Recent Signal Fusion — Cross-Platform Recency Bundle

Adapted from

last30days-skill

's SourceItem / Candidate / Cluster / Report pipeline + Scira's group-mode aggregation. Turns N channels' recent outputs into a single time-weighted cluster list.

Input

input:
  topic: str                                 # research topic
  time_window: "24h" | "7d" | "30d"          # how far back to care
  channels: list[str]                        # which channel skills to call
  min_recency_ratio: float                   # reject items older than (now - time_window)
  max_items_per_channel: int                 # e.g. 30

Pipeline Stages

Parallel fetch — call each channel with a time-window filter in the query. Collect raw evidence lists.

Normalize to SourceItems:

source_item:
  id: str                        # hash(url + title)
  url: str
  title: str
  content_snippet: str
  platform: str                  # source_channel
  posted_at: datetime
  engagement: {likes, comments, shares} | null
  language: str
  raw_evidence_ref: dict         # original Evidence slim-dict

Recency filter — drop items older than
```
time_window
```
. Use
```
extract-dates
```
skill for items without explicit
```
posted_at
```
.

Semantic clustering — group near-duplicate SourceItems across platforms:

cluster:
  id: str
  canonical_title: str           # best representative title
  topic_keywords: list[str]      # extracted from the cluster
  sources: list[source_item_id]
  platform_spread: int           # how many distinct platforms
  earliest_posted_at: datetime
  latest_posted_at: datetime

Rank by weighted score:

score = (
  0.4 * recency_score(latest_posted_at, time_window)
  + 0.3 * platform_spread_score(platform_spread)   # cross-platform = stronger signal
  + 0.2 * engagement_score(sum(engagement))         # aggregated across sources
  + 0.1 * platform_reliability_score(platforms)     # quality weighting
)

Emit bundle:

bundle:
  topic: str
  time_window: str
  total_source_items: int
  total_clusters: int
  top_clusters: list[Cluster]     # top 20 by score
  platforms_hit: list[str]
  platforms_empty: list[str]
  earliest_signal: datetime
  latest_signal: datetime

Platform Reliability Default Weights

```
github-*
```
/
```
arxiv
```
/
```
hackernews
```
→ 1.0 (deterministic, low spam).
```
stackoverflow
```
/
```
reddit
```
/
```
devto
```
→ 0.8 (moderated, some spam).
```
twitter-exa
```
/
```
xiaohongshu
```
/
```
weibo
```
/
```
douyin
```
→ 0.6 (high spam, high recency value).
```
search-rss
```
(user-curated) → 1.0.

Runtime AI can override per-session for specific platform-topic fits.

Anti-Collapse Guard

If after ranking, the top 5 clusters are all from the same platform → flag as "platform-collapse", re-rank with platform_spread weighted 2×. Ensures the bundle isn't just "top 5 trending X posts" when other platforms had relevant signal.

When to Use

User asks "what's happening with X recently?" / "what's the latest on X?" / "近期 X 讨论怎么样?"
Weekly / daily brief generation.
Trend tracking across platforms.

When NOT to Use

Historical / reference research (use
```
channels-academic
```
, not this).
Single-platform watch (call that channel directly).
Highly technical API questions (recency not the primary filter).

Cost

Standard-tier LLM for clustering + canonical-title extraction.
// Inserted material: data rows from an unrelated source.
Lemma external_bisectors_meet_at_excenter x :
  dot (vsub x A) (angle_bisector A C B) = 0 -> dot (vsub x B) (angle_bisector B A C) = 0 ->
  x = E.
Proof.
move=> xA xB.
have := orthogonal_independent_eq0 (u := vsub x E) external_bisectors_cross_neq0.
rewrite (dot_vsubl x E A) (dot_vsubl x E B) xA xB.
rewrite excenter_on_external_bisectorA excenter_on_external_bisectorB subrr.
move=> /(_ erefl erefl) [/subr0_eq x1E /subr0_eq x2E].
by rewrite [x]surjective_pairing [E]surjective_pairing x1E x2E.
Qed.

End Triangle.

Section PerimeterBound.
Variable R : realFieldType.
Implicit Types x y z m w s : R.

Lemma three_sqr_le_sqr_sum_of_max x y z m w :
  0 < x -> 0 < y -> 0 < z -> x <= m -> y <= m -> z <= m ->
  (w * m) ^+ 2 <= (x + y + z) * (x * y * z) -> 3 * w ^+ 2 <= (x + y + z) ^+ 2.
Proof.
move=> x_gt0 y_gt0 z_gt0 xm ym zm wm.
have m_gt0 : 0 < m by apply: lt_le_trans xm.
have yz_le : y * z <= m ^+ 2 by rewrite expr2 ler_pM // ltW.
have xz_le : x * z <= m ^+ 2 by rewrite expr2 ler_pM // ltW.
have xy_le : x * y <= m ^+ 2 by rewrite expr2 ler_pM // ltW.
have prod_le : 3 * (x * y * z) <= (x + y + z) * m ^+ 2 by nra.
rewrite -(ler_pM2r (exprn_gt0 2 m_gt0)); nra.
Qed.

Lemma three_sqr_le_sqr_sum x y z w s :
  0 < x -> 0 < y -> 0 < z -> 0 <= w -> w * x <= s -> w * y <= s -> w * z <= s ->
  s ^+ 2 = (x + y + z) * (x * y * z) -> 3 * w ^+ 2 <= (x + y + z) ^+ 2.
Proof.
move=> x_gt0 y_gt0 z_gt0 w_ge0 wx wy wz s_sq.
pose m := Num.max x (Num.max y z).
have xm : x <= m by rewrite le_max lexx.
have ym : y <= m by rewrite !le_max lexx orbT.
have zm : z <= m by rewrite !le_max lexx !orbT.
have wm : w * m <= s by rewrite /m !maxr_pMr // !ge_max wx wy wz.
have wm_ge0 : 0 <= w * m by rewrite mulr_ge0 // (le_trans (ltW x_gt0)).
apply: (three_sqr_le_sqr_sum_of_max x_gt0 y_gt0 z_gt0 xm ym zm).
by rewrite -s_sq; nra.
Qed.

End PerimeterBound.

Lemma nxtK : cancel nxt prv. Proof. exact: ordSK. Qed.
Lemma prvK : cancel prv nxt. Proof. exact: ord_predK. Qed.

Lemma nxt_nxt (k : 'I_3) : nxt (nxt k) = prv k.
Proof. by apply/val_inj; case: k => -[|[|[|]]]. Qed.

Lemma prv_prv (k : 'I_3) : prv (prv k) = nxt k.
Proof. by apply/val_inj; case: k => -[|[|[|]]]. Qed.

Lemma nxt_neq (k : 'I_3) : nxt k != k.
Proof. by case: k => -[|[|[|]]]. Qed.

Lemma I3_cases (k : 'I_3) : [\/ k = 0, k = nxt 0 | k = prv 0].
Proof.
by case: k => -[|[|[|//]]] ?; [apply: Or31 | apply: Or32 | apply: Or33]; apply/val_inj.
Qed.

Lemma neq_adjacent (i j : 'I_3) : i != j -> j = nxt i \/ i = nxt j.
Proof.
by case: (I3_cases i) => ->; case: (I3_cases j) => ->;
  rewrite ?nxt_nxt ?prvK ?eqxx //; auto.
Qed.

Lemma sum_I3 (V : nmodType) (f : 'I_3 -> V) : \sum_i f i = f 0 + f (nxt 0) + f (prv 0).
Proof.
by rewrite !big_ord_recl big_ord0 addr0 addrA; congr (f _ + f _ + f _); apply/val_inj.
Qed.

Section FoldedRibbon.
Variable R : rcfType.
Implicit Types (P : 'I_3 -> pt R) (F : folding_info) (k : 'I_3) (w : R).

Definition edge_len P k : R := vnorm (vsub (P (nxt k)) (P k)).

Definition area2 P : R := cross (vsub (P (nxt 0)) (P 0)) (vsub (P (prv 0)) (P 0)).

Definition excess P k : R := edge_len P (nxt k) + edge_len P (prv k) - edge_len P k.

Definition exradius P k : R := `|area2 P| / excess P k.

Lemma area2_vertex P k : cross (vsub (P (nxt k)) (P k)) (vsub (P (prv k)) (P k)) = area2 P.
Proof.
rewrite /area2; case: (I3_cases k) => ->; rewrite ?nxt_nxt ?nxtK ?prvK ?prv_prv //;
  by rewrite /cross /vsub /=; ring.
Qed.

Lemma excess_vertex P k :
  vnorm (vsub (P (prv k)) (P (nxt k))) + vnorm (vsub (P k) (P (prv k)))
    - vnorm (vsub (P (nxt k)) (P k)) = excess P k.
Proof. by rewrite /excess /edge_len nxt_nxt prvK. Qed.

Lemma bisector_nxt P k : bisector P (nxt k) = angle_bisector (P (nxt k)) (P k) (P (prv k)).
Proof. by rewrite /bisector nxtK nxt_nxt. Qed.

Lemma excess_gt0 P k : nondegenerate_triangle P -> 0 < excess P k.
Proof.
move=> nd; rewrite -excess_vertex subr_gt0.
by apply: triangle_ineq_lt; rewrite area2_vertex.
Qed.

Lemma adjacent_fold_lines_meet P w k x : nondegenerate_triangle P ->
  fold_line P w k x /\ fold_line P w (nxt k) x <->
  x = excenter (P k) (P (nxt k)) (P (prv k)) /\ exradius P k < w / 2.
Proof.
move=> nd.
have D_neq0 : cross (vsub (P (nxt k)) (P k)) (vsub (P (prv k)) (P k)) != 0.
  by rewrite area2_vertex.
have distAB := dist_excenter_AB D_neq0; have distBC := dist_excenter_BC D_neq0.
rewrite area2_vertex excess_vertex -/(exradius P k) in distAB distBC.
rewrite /fold_line bisector_nxt nxt_nxt.
split=> [[[xA xAB] [xB _]] | [-> r_lt]].
  have xE := external_bisectors_meet_at_excenter D_neq0 xA xB.
  by split=> //; rewrite -distAB -xE.
split; split; rewrite ?distAB ?distBC //.
  exact: excenter_on_external_bisectorA.
exact: excenter_on_external_bisectorB.
Qed.

Lemma fold_lines_disjointP P w : nondegenerate_triangle P ->
  fold_lines_disjoint P w <-> forall k, w <= 2 * exradius P k.
Proof.
move=> nd; split=> [disj k | w_le i j x].
  rewrite leNgt; apply/negP => r_lt.
  have [] := (adjacent_fold_lines_meet w k (excenter (P k) (P (nxt k)) (P (prv k))) nd).2.
    by split=> //; lra.
  by apply: disj; rewrite eq_sym nxt_neq.
wlog -> : i j / j = nxt i => [adj ij fi fj | _ fi fj].
  by case: (neq_adjacent ij) => eq_ij; [apply: (adj i j) | apply: (adj j i)];
    rewrite // eq_sym.
have [_ r_lt] := (adjacent_fold_lines_meet w i x nd).1 (conj fi fj).
by have := w_le i; lra.
Qed.

Lemma len_edges P : len P = edge_len P 0 + edge_len P (nxt 0) + edge_len P (prv 0).
Proof. exact: sum_I3. Qed.

Lemma len_sum_excess P : len P = excess P 0 + excess P (nxt 0) + excess P (prv 0).
Proof. by rewrite len_edges /excess nxt_nxt prv_prv nxtK prvK; ring. Qed.

Lemma heron P :
  4 * area2 P ^+ 2 = len P * (excess P 0 * excess P (nxt 0) * excess P (prv 0)).
Proof.
rewrite len_edges /excess nxt_nxt prv_prv nxtK prvK.
rewrite [RHS](_ : _ = 2 * (edge_len P 0 ^+ 2 * edge_len P (nxt 0) ^+ 2
    + edge_len P (nxt 0) ^+ 2 * edge_len P (prv 0) ^+ 2
    + edge_len P (prv 0) ^+ 2 * edge_len P 0 ^+ 2)
    - ((edge_len P 0 ^+ 2) ^+ 2 + (edge_len P (nxt 0) ^+ 2) ^+ 2
    + (edge_len P (prv 0) ^+ 2) ^+ 2)); last by ring.
rewrite /edge_len !vnorm_sqr nxt_nxt prvK.
rewrite /area2 /dot /cross /vsub /=; ring.
Qed.

Lemma sqrt3_mul_le_len P w : nondegenerate_triangle P -> 0 <= w ->
  (forall k, w <= 2 * exradius P k) -> Num.sqrt 3 * w <= len P.
Proof.
move=> nd w_ge0 w_le.
have x_gt0 := excess_gt0 _ nd.
have wx k : w * excess P k <= 2 * `|area2 P|.
  by rewrite -ler_pdivlMr // -mulrA w_le.
have s_sq : (2 * `|area2 P|) ^+ 2
    = len P * (excess P 0 * excess P (nxt 0) * excess P (prv 0)).
  by rewrite -heron exprMn real_normK ?num_real //; ring.
have len_ge0 : 0 <= len P by apply: sumr_ge0 => i _; apply: sqrtr_ge0.
rewrite len_sum_excess in s_sq len_ge0 *.
have := three_sqr_le_sqr_sum (x_gt0 0) (x_gt0 _) (x_gt0 _) w_ge0 (wx 0) (wx _) (wx _) s_sq.
by rewrite -ler_sqr ?nnegrE ?mulr_ge0 ?sqrtr_ge0 // exprMn sqr_sqrtr ?ler0n.
Qed.

Lemma ribbon_LkE P F :
  ribbon_Lk P F = Num.sg (area2 P) * \sum_k (if F k then -1 else 1).
Proof.
rewrite /ribbon_Lk mulr_sumr mulr_sumr; apply: eq_bigr => k _ /=.
have turn : cross (vsub (P k) (P (prv k))) (vsub (P (nxt k)) (P k)) = area2 P.
  by rewrite -(area2_vertex P k) /cross /vsub /=; ring.
rewrite /crossing_sign crossC turn sgrN.
by case: (F k); field.
Qed.

Section Equilateral.
Variable P : 'I_3 -> pt R.
Hypothesis equilateral : equilateral_triangle P.

Lemma equilateral_edge_len k : edge_len P k = edge_len P 0.
Proof. exact: equilateral. Qed.

Lemma equilateral_excess k : excess P k = edge_len P 0.
Proof. by rewrite /excess !equilateral_edge_len addrK. Qed.

Lemma equilateral_len : len P = 3 * edge_len P 0.
Proof. by rewrite len_edges !equilateral_edge_len; ring. Qed.

Lemma equilateral_exradius k : nondegenerate_triangle P ->
  2 * exradius P k = Num.sqrt 3 * edge_len P 0.
Proof.
move=> nd; have l_gt0 : 0 < edge_len P 0 by rewrite -(equilateral_excess k) excess_gt0.
have area_sq : (2 * area2 P) ^+ 2 = 3 * (edge_len P 0 ^+ 2) ^+ 2.
  transitivity (4 * area2 P ^+ 2); first by ring.
  by rewrite heron equilateral_len !equilateral_excess; ring.
have two_area : 2 * `|area2 P| = Num.sqrt 3 * edge_len P 0 ^+ 2.
  rewrite -(normr_nat R 2) -normrM -sqrtr_sqr area_sq sqrtrM ?ler0n // sqrtr_sqr.
  by rewrite ger0_norm // exprn_ge0 // ltW.
rewrite /exradius equilateral_excess mulrA two_area.
by field; rewrite gt_eqF.
Qed.

End Equilateral.

End FoldedRibbon.

Theorem corollary5p7 (R : rcfType) :
  (forall (P : 'I_3 -> pt R) (w : R) (F : folding_info),
     folded_ribbon_3stick P w ->
     (ribbon_Lk P F = 1 \/ ribbon_Lk P F = -1) ->
     Num.sqrt 3 <= rib P w)
  /\
  (forall P : 'I_3 -> pt R, nondegenerate_triangle P -> equilateral_triangle P ->
     exists (w : R) (F : folding_info),
       [/\ folded_ribbon_3stick P w,
           ribbon_Lk P F = 1 \/ ribbon_Lk P F = -1
         & rib P w = Num.sqrt 3]).
Proof.
have sqrt3_gt0 : 0 < Num.sqrt (3 : R) by rewrite sqrtr_gt0 ltr0n.
split=> [P w F [nd w_gt0 disj] _ | P nd eql].
  rewrite /rib ler_pdivlMr //.
  exact: sqrt3_mul_le_len nd (ltW w_gt0) ((fold_lines_disjointP _ nd).1 disj).
have l_gt0 : 0 < edge_len P 0 by rewrite -(equilateral_excess eql 0) excess_gt0.
exists (Num.sqrt 3 * edge_len P 0), (fun k => k == 0); split.
- split; rewrite ?mulr_gt0 //.
  by apply/fold_lines_disjointP => // k; rewrite (equilateral_exradius eql k nd).
- rewrite ribbon_LkE sum_I3 /= (_ : -1 + 1 + 1 = 1); last by ring.
  rewrite mulr1; move: nd; rewrite /nondegenerate_triangle -/(area2 P) neq_lt.
  by case/orP => [/ltr0_sg | /gtr0_sg] ->; [right | left].
- rewrite /rib (equilateral_len eql) -{1}(sqr_sqrtr (ler0n R 3)).
  by field; rewrite !gt_eqF.
Qed.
Typical run: 5-10 seconds + sum of channel call costs. Cheaper than decompose-task because channels fan out in parallel.

Interactions

Calls →
```
run_channel
```
(parallel) for each selected channel.
Uses →
```
extract-dates
```
(normalize posted_at fields).
Uses →
```
rerank-evidence
```
(as fallback when semantic clustering is inconclusive).
Feeds →
```
synthesize-knowledge
```
(the bundle is the input context).

Quality Bar

Evidence items have non-empty title and url.
No crash on empty or malformed API response.
Source channel field matches the channel name.